I just bought my first high powered laser all my lasers before are 15mw< If I could have some tips too that would be great.
http://www.laserpointerpro.com/5-in...eidoscopic-green-laser-pointer-pen-p-308.html
^That is the one I bought. I know its cheap but I do not have much money but I am still trying to expand my collection.

I want to know if I need safety glasses for a 100mw green laser. If I do which ones do you guys like?


----------



## Son_of_Entropy (Dec 1, 2015)

Yes, I'd say almost universally yes. Any laser between 5-499mw is considered a Class IIIB laser, posing a "moderate" risk to vision. The intensity of the beam can cause damage to your eye faster than your "blink reflex" can act to protect it. 

As for make/model, here's a few examples:

_*link removed_


----------



## m4ttr3il1y (Feb 14, 2016)

I would definitely recommend safety glasses for a 100mW laser


----------



## larrykings (Mar 6, 2016)

When green laser gets output power of up 50mW, it can produce extremely high power laser beam with high energy. During its continuous work, it might product thermal energy, bringing hurts to retina seriously. Any operation of 100mW green laser, do remember to wear laser safety goggles.


----------



## RafaelMum (Mar 4, 2017)

*Just bought a 100mw green laser*

This is my second green laser. First was Atlas Nova 32mw. Got this as its easier to carry around due to the compact size.


----------



## FRITZHID (Mar 5, 2017)

*Re: Just bought a 100mw green laser*

the bigger concern with these cheap lasers is they often lack the IR filter that quality lasers have, and the IR beam comes out slightly off axis of the green beam meaning that you could put the green dot on someones forehead and the IR beam COULD BE GOING DIRECTLY IN THEIR EYES, however, cause IR is invisible, it won't activate the blink reflex. it will simply softboil their eyes.
yes on laser glasses and don't point it near anyone.


----------



## MadTaffCat (Mar 16, 2017)

Although 100mw is not massively powerful different that power is very concentrated, i.e. the actual power per square cm can be very high.
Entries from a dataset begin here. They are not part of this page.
(* Let $e$ be a curve and $\delta>0$. Then each of the offsets $e_{-\delta}$ and $e_{+\delta}$ is monotone, i.e. meets every vertical line and every horizontal line in a connected set.
   Context: A curve is an open, bounded, piecewise-algebraic arc in $\mathbb{R}^2$ that is both $x$-monotone and $y$-monotone. For a point $a$ and a set $s$, $a<_y s$ means that $a$ and $s$ overlap in $x$ (some $q\in s$ has $q_x=a_x$) and $a_y<q_y$ for every $q\in s$ with $q_x=a_x$; $a>_y s$ is defined symmetrically. ${\rm dist}(a,e)=\inf_{q\in e}|a-q|$. The $\delta$-offsets of $e$ are $e_{-\delta}=\{a: a<_y e,\ {\rm dist}(a,e)=\delta\}$ and $e_{+\delta}=\{a: a>_y e,\ {\rm dist}(a,e)=\delta\}$. *)

From Stdlib Require Import Reals Lra List.
Open Scope R_scope.

Definition pt := (R * R)%type.
Definition pset := pt -> Prop.

Definition edist (a q : pt) : R :=
  sqrt ((fst a - fst q)^2 + (snd a - snd q)^2).

(* Bivariate real polynomials: list of monomials (c, i, j) meaning c x^i y^j *)
Definition poly2 := list (R * nat * nat).
Definition peval (p : poly2) (a : pt) : R :=
  fold_right (fun m acc => let '(c, i, j) := m in c * fst a ^ i * snd a ^ j + acc) 0 p.
Definition poly2_nonzero (p : poly2) : Prop := exists a : pt, peval p a <> 0.

Definition cont_at (g : R -> pt) (t : R) : Prop :=
  continuity_pt (fun s => fst (g s)) t /\ continuity_pt (fun s => snd (g s)) t.

Definition open_arc_param (e : pset) (g : R -> pt) : Prop :=
  (forall t, 0 < t < 1 -> cont_at g t) /\
  (forall s t, 0 < s < 1 -> 0 < t < 1 -> g s = g t -> s = t) /\
  (forall a, e a <-> exists t, 0 < t < 1 /\ g t = a).

Definition bounded (e : pset) : Prop :=
  exists M, forall a, e a -> Rabs (fst a) <= M /\ Rabs (snd a) <= M.

Definition piecewise_algebraic (g : R -> pt) : Prop :=
  exists (n : nat) (t : nat -> R) (P : nat -> poly2),
    t 0%nat = 0 /\ t n = 1 /\
    (forall i, (i < n)%nat -> t i < t (S i)) /\
    (forall i, (i < n)%nat -> poly2_nonzero (P i)) /\
    (forall i s, (i < n)%nat -> t i <= s <= t (S i) -> 0 < s < 1 ->
                 peval (P i) (g s) = 0).

Definition x_monotone (e : pset) : Prop :=
  forall a b, e a -> e b -> fst a = fst b -> a = b.
Definition y_monotone (e : pset) : Prop :=
  forall a b, e a -> e b -> snd a = snd b -> a = b.

Definition is_curve (e : pset) : Prop :=
  (exists g, open_arc_param e g /\ piecewise_algebraic g) /\
  bounded e /\ x_monotone e /\ y_monotone e.

Definition below (a : pt) (s : pset) : Prop :=
  (exists q, s q /\ fst q = fst a) /\
  (forall q, s q -> fst q = fst a -> snd a < snd q).
Definition above (a : pt) (s : pset) : Prop :=
  (exists q, s q /\ fst q = fst a) /\
  (forall q, s q -> fst q = fst a -> snd q < snd a).

Definition dist_is (a : pt) (e : pset) (d : R) : Prop :=
  (forall q, e q -> d <= edist a q) /\
  (forall d', (forall q, e q -> d' <= edist a q) -> d' <= d).

Definition offset_minus (e : pset) (delta : R) : pset :=
  fun a => below a e /\ dist_is a e delta.
Definition offset_plus (e : pset) (delta : R) : pset :=
  fun a => above a e /\ dist_is a e delta.

(* A subset of R is connected iff it is an interval (order-convex) *)
Definition interval_set (P : R -> Prop) : Prop :=
  forall u v w, P u -> P w -> u <= v <= w -> P v.

Definition monotone_set (S : pset) : Prop :=
  (forall c, interval_set (fun y => S (c, y))) /\
  (forall c, interval_set (fun x => S (x, c))).

(* A curve is the graph x = h(y) of a strictly monotone function h over an
   interval of heights: continuity and injectivity of the parametrisation give
   the intermediate value property in y and force the x- and y-coordinates to
   be ordered alike up to reversal. Nothing else about e is used.
   Each offset then meets every vertical and every horizontal line in at most
   one point: if two points of e_{-delta} shared such a line, splitting e by
   height shows that every point of e is at squared distance >= D from one of
   them, for some D > delta^2, contradicting dist = delta. The offset e_{+delta}
   is e_{-delta} for the reflection of e in the x-axis. *)

From Stdlib Require Import Reals Lra Classical Ranalysis5.
Open Scope R_scope.

Definition between (a b c : R) : Prop := a < b < c \/ c < b < a.

Lemma between_sym a b c : between a b c -> between c b a.
Proof. unfold between; lra. Qed.

Lemma between_swap_l a b c : between a b c -> ~ between b a c.
Proof. unfold between; lra. Qed.

Lemma between_swap_r a b c : between a b c -> ~ between a c b.
Proof. unfold between; lra. Qed.

Lemma between_trichotomy a b c : a <> b -> b <> c -> a <> c ->
  between a b c \/ between b a c \/ between a c b.
Proof. unfold between; intros; lra. Qed.

Lemma IVT_between (f : R -> R) a b L : a < b ->
  (forall t, a <= t <= b -> continuity_pt f t) -> between (f a) L (f b) ->
  exists t, a <= t <= b /\ f t = L.
Proof.
  intros Hab Hf HL.
  destruct HL as [HL | HL].
  - destruct (IVT_interv (fun t => f t - L) a b) as [t [Ht Hft]]; try lra.
    { intros t Ht; apply (continuity_pt_minus f (fun _ => L)); auto.
      now apply continuity_pt_const. }
    exists t; split; [exact Ht | lra].
  - destruct (IVT_interv (fun t => L - f t) a b) as [t [Ht Hft]]; try lra.
    { intros t Ht; apply (continuity_pt_minus (fun _ => L) f); auto.
      now apply continuity_pt_const. }
    exists t; split; [exact Ht | lra].
Qed.

Definition cont_inj01 (f : R -> R) : Prop :=
  (forall t, 0 < t < 1 -> continuity_pt f t) /\
  (forall s t, 0 < s < 1 -> 0 < t < 1 -> f s = f t -> s = t).

Lemma cont_inj01_opp f : cont_inj01 f -> cont_inj01 (fun t => - f t).
Proof.
  intros [Hc Hi]; split.
  - intros t Ht; apply (continuity_pt_opp f); auto.
  - intros s t Hs Ht E; apply Hi; auto; lra.
Qed.

(* Both sides of a strict maximum at b would reach the level halfway between
   f b and max (f a) (f c), at two distinct parameters. *)
Lemma cont_inj01_no_peak f a b c : cont_inj01 f -> 0 < a -> a < b -> b < c -> c < 1 ->
  f a < f b -> f c < f b -> False.
Proof.
  intros [Hc Hi] Ha Hab Hbc Hc1 Hfab Hfcb.
  set (L := (f b + Rmax (f a) (f c)) / 2).
  pose proof (Rmax_l (f a) (f c)); pose proof (Rmax_r (f a) (f c)).
  pose proof (Rmax_lub_lt (f a) (f c) (f b) Hfab Hfcb).
  destruct (IVT_between f a b L) as [t1 [Ht1 Hft1]]; auto.
  { intros; apply Hc; lra. } { left; unfold L; lra. }
  destruct (IVT_between f b c L) as [t2 [Ht2 Hft2]]; auto.
  { intros; apply Hc; lra. } { right; unfold L; lra. }
  assert (t1 = t2) by (apply Hi; lra || congruence).
  assert (t1 = b) by lra; subst; unfold L in Hft1; lra.
Qed.

Lemma cont_inj01_between f a b c : cont_inj01 f -> 0 < a -> a < b -> b < c -> c < 1 ->
  between (f a) (f b) (f c).
Proof.
  intros Hf Ha Hab Hbc Hc1.
  pose proof Hf as [_ Hi].
  assert (f a <> f b) by (intro E; apply Hi in E; lra).
  assert (f c <> f b) by (intro E; apply Hi in E; lra).
  destruct (Rlt_or_le (f a) (f b)), (Rlt_or_le (f c) (f b)).
  - exfalso; now apply (cont_inj01_no_peak f a b c).
  - left; lra.
  - right; lra.
  - exfalso; apply (cont_inj01_no_peak (fun t => - f t) a b c);
      auto using cont_inj01_opp; lra.
Qed.

Lemma cont_inj01_between_iff f a b c : cont_inj01 f ->
  0 < a < 1 -> 0 < b < 1 -> 0 < c < 1 ->
  between a b c <-> between (f a) (f b) (f c).
Proof.
  intros Hf Ha Hb Hc.
  assert (Hdir : forall x y z, 0 < x < 1 -> 0 < y < 1 -> 0 < z < 1 ->
            between x y z -> between (f x) (f y) (f z)).
  { intros x y z Hx Hy Hz [Hxyz | Hxyz].
    - apply cont_inj01_between; auto; lra.
    - apply between_sym, cont_inj01_between; auto; lra. }
  split; [now apply Hdir|].
  intros Hfb.
  assert (a <> b) by (intros <-; destruct Hfb; lra).
  assert (b <> c) by (intros <-; destruct Hfb; lra).
  assert (a <> c) by (intros <-; destruct Hfb; lra).
  destruct (between_trichotomy a b c) as [Habc | [Hbac | Hacb]]; auto.
  - exfalso; apply (between_swap_l _ _ _ Hfb); now apply Hdir.
  - exfalso; apply (between_swap_r _ _ _ Hfb); now apply Hdir.
Qed.

Definition monotone_arc (e : pset) : Prop :=
  y_monotone e /\
  (forall r q h, e r -> e q -> snd r < h < snd q -> exists s, e s /\ snd s = h) /\
  (forall r s t, e r -> e s -> e t -> snd r < snd s < snd t ->
     between (fst r) (fst s) (fst t)).

Lemma curve_monotone_arc e : is_curve e -> monotone_arc e.
Proof.
  intros [[g [[Hc [Hi He]] _]] [_ [Hxm Hym]]].
  assert (Hge : forall t, 0 < t < 1 -> e (g t)) by (intros t Ht; apply He; eauto).
  assert (Hx : cont_inj01 (fun t => fst (g t))).
  { split; [intros t Ht; apply Hc; auto|].
    intros s t Hs Ht E; apply Hi; auto. }
  assert (Hy : cont_inj01 (fun t => snd (g t))).
  { split; [intros t Ht; apply Hc; auto|].
    intros s t Hs Ht E; apply Hi; auto. }
  split; [exact Hym | split].
  - intros r q h Hr Hq Hh.
    apply He in Hr as [tr [Htr <-]]; apply He in Hq as [tq [Htq <-]].
    assert (Hlevel : forall a b, 0 < a < 1 -> 0 < b < 1 -> a < b ->
              between (snd (g a)) h (snd (g b)) -> exists s, e s /\ snd s = h).
    { intros a b Ha Hb Hab Hbt.
      destruct (IVT_between (fun t => snd (g t)) a b h) as [t [Ht Hgt]]; auto.
      { intros; apply Hc; lra. }
      exists (g t); split; [apply Hge; lra | exact Hgt]. }
    destruct (Rtotal_order tr tq) as [Hlt | [-> | Hgt]].
    + apply (Hlevel tr tq); auto; left; lra.
    + lra.
    + apply (Hlevel tq tr); auto; right; lra.
  - intros r s t Hr Hs Ht Hrst.
    apply He in Hr as [tr [Htr <-]]; apply He in Hs as [ts [Hts <-]];
      apply He in Ht as [tt [Htt <-]].
    apply (cont_inj01_between_iff _ tr ts tt Hx Htr Hts Htt).
    apply (cont_inj01_between_iff _ tr ts tt Hy Htr Hts Htt).
    now left.
Qed.

Section MonotoneArc.

Variable e : pset.
Hypothesis He : monotone_arc e.

Lemma arc_level_point r q h : e r -> e q -> snd r <= h < snd q ->
  exists s, e s /\ snd s = h.
Proof.
  intros Hr Hq [[Hrh | <-] Hhq].
  - destruct He as [_ [Hivt _]]; eauto.
  - eauto.
Qed.

Lemma arc_xgap_below r s q : e r -> e s -> e q -> snd r <= snd s < snd q ->
  (fst q - fst s)^2 + (fst s - fst r)^2 <= (fst q - fst r)^2.
Proof.
  destruct He as [Hym [_ Hbt]].
  intros Hr Hs Hq [[Hrs | Hrs] Hsq].
  - destruct (Hbt r s q Hr Hs Hq (conj Hrs Hsq)) as [H | H]; nra.
  - rewrite (Hym r s Hr Hs Hrs); nra.
Qed.

Lemma arc_far_below q h d : e q -> h < snd q ->
  (forall s, e s -> snd s = h -> d^2 <= (fst q - fst s)^2) ->
  forall r, e r -> snd r <= h -> d^2 <= (fst q - fst r)^2.
Proof.
  intros Hq Hhq Hlevel r Hr Hrh.
  destruct (arc_level_point r q h Hr Hq (conj Hrh Hhq)) as [s [Hs Hsh]].
  pose proof (Hlevel s Hs Hsh).
  pose proof (arc_xgap_below r s q Hr Hs Hq ltac:(lra)).
  pose proof (pow2_ge_0 (fst s - fst r)); lra.
Qed.

(* Uniformity comes from a single point z at height l: everything lower is
   farther from fst q than z, and z is strictly farther than the point at
   height h. *)
Lemma arc_uniformly_far_below q l h d : e q -> l < h < snd q ->
  (forall s, e s -> snd s = h -> d^2 <= (fst q - fst s)^2) ->
  exists A, d^2 < A /\ forall r, e r -> snd r < l -> A <= (fst q - fst r)^2.
Proof.
  intros Hq Hlhq Hlevel.
  destruct (classic (exists r0, e r0 /\ snd r0 < l)) as [[r0 [Hr0 Hr0l]] | Hnone].
  - destruct (arc_level_point r0 q l Hr0 Hq ltac:(lra)) as [z [Hz Hzl]].
    destruct (arc_level_point z q h Hz Hq ltac:(lra)) as [s [Hs Hsh]].
    exists ((fst q - fst z)^2); split.
    + pose proof (Hlevel s Hs Hsh).
      destruct He as [_ [_ Hbt]].
      destruct (Hbt z s q Hz Hs Hq ltac:(lra)); nra.
    + intros r Hr Hrl.
      pose proof (arc_xgap_below r z q Hr Hz Hq ltac:(lra)).
      pose proof (pow2_ge_0 (fst z - fst r)); lra.
  - exists (d^2 + 1); split; [lra|].
    intros r Hr Hrl; exfalso; eauto.
Qed.

End MonotoneArc.

Definition sqdist (a q : pt) : R := (fst a - fst q)^2 + (snd a - snd q)^2.

Lemma dist_is_sq_le a e d q : dist_is a e d -> 0 <= d -> e q -> d^2 <= sqdist a q.
Proof.
  intros [Hlb _] Hd Hq.
  specialize (Hlb q Hq); unfold edist in Hlb; fold (sqdist a q) in Hlb.
  assert (0 <= sqdist a q)
    by (unfold sqdist; pose proof (pow2_ge_0 (fst a - fst q));
        pose proof (pow2_ge_0 (snd a - snd q)); lra).
  rewrite <- (sqrt_sqrt (sqdist a q)) by assumption.
  simpl; apply Rmult_le_compat; lra.
Qed.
Also, different people have different sensitivity to bright light with some people getting retina damage very quickly. And retinas are very complex (they do some of the image processing before the information is sent to the brain) and so do not heal very well.

So the choice is yours - wear a cheap pair of protective glasses, or risk losing an irreplaceable eye.


----------